Work item: Transcribe word for word the lines below from the line with "Lemma epoch_dist_succ x0" through the line with "by rewrite /gradf", ends included.

Collected data:
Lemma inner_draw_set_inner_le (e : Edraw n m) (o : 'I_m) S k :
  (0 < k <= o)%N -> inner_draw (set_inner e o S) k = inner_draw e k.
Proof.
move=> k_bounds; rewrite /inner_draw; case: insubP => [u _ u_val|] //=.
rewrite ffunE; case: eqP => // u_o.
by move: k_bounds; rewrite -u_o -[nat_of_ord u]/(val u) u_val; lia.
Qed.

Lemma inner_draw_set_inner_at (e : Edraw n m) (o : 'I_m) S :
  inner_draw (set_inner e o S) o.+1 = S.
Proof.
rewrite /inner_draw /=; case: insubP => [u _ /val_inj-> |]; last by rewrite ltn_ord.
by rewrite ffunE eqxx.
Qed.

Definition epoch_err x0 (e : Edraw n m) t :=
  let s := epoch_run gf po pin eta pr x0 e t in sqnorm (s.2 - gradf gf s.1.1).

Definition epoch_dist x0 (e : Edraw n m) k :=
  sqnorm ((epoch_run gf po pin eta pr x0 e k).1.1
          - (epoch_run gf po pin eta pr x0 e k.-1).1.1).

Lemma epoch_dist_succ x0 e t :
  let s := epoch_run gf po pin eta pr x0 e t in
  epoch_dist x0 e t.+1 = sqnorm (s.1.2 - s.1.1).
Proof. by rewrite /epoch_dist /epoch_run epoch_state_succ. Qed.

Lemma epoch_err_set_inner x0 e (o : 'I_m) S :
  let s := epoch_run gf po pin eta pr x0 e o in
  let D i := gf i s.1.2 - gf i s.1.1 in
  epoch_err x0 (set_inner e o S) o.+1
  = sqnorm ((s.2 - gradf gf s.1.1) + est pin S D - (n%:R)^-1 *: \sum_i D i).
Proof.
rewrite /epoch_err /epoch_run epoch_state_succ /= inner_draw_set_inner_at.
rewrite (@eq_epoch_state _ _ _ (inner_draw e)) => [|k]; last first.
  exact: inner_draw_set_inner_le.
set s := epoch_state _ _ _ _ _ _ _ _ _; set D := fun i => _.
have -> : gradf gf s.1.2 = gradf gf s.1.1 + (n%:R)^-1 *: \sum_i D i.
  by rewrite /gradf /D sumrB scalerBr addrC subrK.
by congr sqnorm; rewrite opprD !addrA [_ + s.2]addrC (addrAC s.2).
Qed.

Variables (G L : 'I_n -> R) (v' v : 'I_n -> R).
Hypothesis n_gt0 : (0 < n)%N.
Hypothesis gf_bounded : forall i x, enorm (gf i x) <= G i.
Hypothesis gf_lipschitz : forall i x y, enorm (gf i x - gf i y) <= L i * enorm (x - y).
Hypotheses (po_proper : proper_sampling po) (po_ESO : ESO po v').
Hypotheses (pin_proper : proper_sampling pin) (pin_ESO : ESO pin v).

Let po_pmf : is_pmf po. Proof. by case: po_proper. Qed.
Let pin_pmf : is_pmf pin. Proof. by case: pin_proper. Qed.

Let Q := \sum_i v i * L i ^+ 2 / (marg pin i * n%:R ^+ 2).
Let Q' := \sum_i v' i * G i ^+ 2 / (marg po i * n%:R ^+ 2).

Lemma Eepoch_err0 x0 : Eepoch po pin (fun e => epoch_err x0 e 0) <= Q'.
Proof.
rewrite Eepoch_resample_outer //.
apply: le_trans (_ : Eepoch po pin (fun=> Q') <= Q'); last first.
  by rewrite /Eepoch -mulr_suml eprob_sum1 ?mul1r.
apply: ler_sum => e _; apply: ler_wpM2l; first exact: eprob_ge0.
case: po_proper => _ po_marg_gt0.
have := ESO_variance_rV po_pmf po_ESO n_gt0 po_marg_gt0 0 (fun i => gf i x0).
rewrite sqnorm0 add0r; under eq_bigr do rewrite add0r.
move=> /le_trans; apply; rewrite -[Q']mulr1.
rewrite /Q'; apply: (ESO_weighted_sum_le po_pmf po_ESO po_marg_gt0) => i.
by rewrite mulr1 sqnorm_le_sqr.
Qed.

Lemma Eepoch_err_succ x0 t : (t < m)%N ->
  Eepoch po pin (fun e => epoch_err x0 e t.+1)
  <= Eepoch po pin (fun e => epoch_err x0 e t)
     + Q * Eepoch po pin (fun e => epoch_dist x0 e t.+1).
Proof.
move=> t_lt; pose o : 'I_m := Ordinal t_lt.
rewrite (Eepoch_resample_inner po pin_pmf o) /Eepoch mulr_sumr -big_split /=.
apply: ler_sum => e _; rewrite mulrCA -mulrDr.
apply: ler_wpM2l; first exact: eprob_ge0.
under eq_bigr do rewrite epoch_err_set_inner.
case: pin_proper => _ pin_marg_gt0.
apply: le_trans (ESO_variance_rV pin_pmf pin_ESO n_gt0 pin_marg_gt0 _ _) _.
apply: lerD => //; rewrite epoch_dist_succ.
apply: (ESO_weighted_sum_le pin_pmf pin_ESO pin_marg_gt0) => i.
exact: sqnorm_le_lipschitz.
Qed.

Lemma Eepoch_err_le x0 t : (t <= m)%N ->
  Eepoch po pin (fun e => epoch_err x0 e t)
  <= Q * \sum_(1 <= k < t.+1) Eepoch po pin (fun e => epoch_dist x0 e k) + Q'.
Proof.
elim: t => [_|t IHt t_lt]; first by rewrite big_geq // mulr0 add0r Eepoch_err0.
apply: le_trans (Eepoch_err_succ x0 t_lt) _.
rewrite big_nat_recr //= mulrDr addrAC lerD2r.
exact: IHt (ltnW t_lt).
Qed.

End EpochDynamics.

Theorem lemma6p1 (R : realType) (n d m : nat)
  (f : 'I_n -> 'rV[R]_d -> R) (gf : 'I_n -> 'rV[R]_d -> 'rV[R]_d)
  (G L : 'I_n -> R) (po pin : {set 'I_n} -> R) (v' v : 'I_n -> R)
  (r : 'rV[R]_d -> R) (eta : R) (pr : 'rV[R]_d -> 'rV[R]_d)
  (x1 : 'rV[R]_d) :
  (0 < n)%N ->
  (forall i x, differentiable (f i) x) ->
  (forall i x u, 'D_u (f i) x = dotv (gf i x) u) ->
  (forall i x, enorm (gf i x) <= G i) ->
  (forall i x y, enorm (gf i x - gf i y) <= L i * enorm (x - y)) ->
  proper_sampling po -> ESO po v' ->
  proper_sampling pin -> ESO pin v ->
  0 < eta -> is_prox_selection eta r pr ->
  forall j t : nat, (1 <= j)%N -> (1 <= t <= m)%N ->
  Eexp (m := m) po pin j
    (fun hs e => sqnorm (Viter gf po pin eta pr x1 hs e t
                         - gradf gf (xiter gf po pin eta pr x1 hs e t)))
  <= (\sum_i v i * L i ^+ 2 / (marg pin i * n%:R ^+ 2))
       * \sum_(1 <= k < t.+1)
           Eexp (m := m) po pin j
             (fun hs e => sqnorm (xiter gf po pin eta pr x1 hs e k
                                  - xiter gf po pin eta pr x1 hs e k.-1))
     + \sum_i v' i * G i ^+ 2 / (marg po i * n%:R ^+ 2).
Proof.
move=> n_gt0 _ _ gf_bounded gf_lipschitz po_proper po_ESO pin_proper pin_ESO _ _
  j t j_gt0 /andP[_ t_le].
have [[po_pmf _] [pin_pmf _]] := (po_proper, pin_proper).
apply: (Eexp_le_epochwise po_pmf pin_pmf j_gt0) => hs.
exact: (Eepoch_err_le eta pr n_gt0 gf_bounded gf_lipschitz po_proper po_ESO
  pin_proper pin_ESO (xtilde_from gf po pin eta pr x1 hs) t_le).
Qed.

Output:
Lemma epoch_dist_succ x0 e t :
  let s := epoch_run gf po pin eta pr x0 e t in
  epoch_dist x0 e t.+1 = sqnorm (s.1.2 - s.1.1).
Proof. by rewrite /epoch_dist /epoch_run epoch_state_succ. Qed.

Lemma epoch_err_set_inner x0 e (o : 'I_m) S :
  let s := epoch_run gf po pin eta pr x0 e o in
  let D i := gf i s.1.2 - gf i s.1.1 in
  epoch_err x0 (set_inner e o S) o.+1
  = sqnorm ((s.2 - gradf gf s.1.1) + est pin S D - (n%:R)^-1 *: \sum_i D i).
Proof.
rewrite /epoch_err /epoch_run epoch_state_succ /= inner_draw_set_inner_at.
rewrite (@eq_epoch_state _ _ _ (inner_draw e)) => [|k]; last first.
  exact: inner_draw_set_inner_le.
set s := epoch_state _ _ _ _ _ _ _ _ _; set D := fun i => _.
have -> : gradf gf s.1.2 = gradf gf s.1.1 + (n%:R)^-1 *: \sum_i D i.
  by rewrite /gradf /D sumrB scalerBr addrC subrK.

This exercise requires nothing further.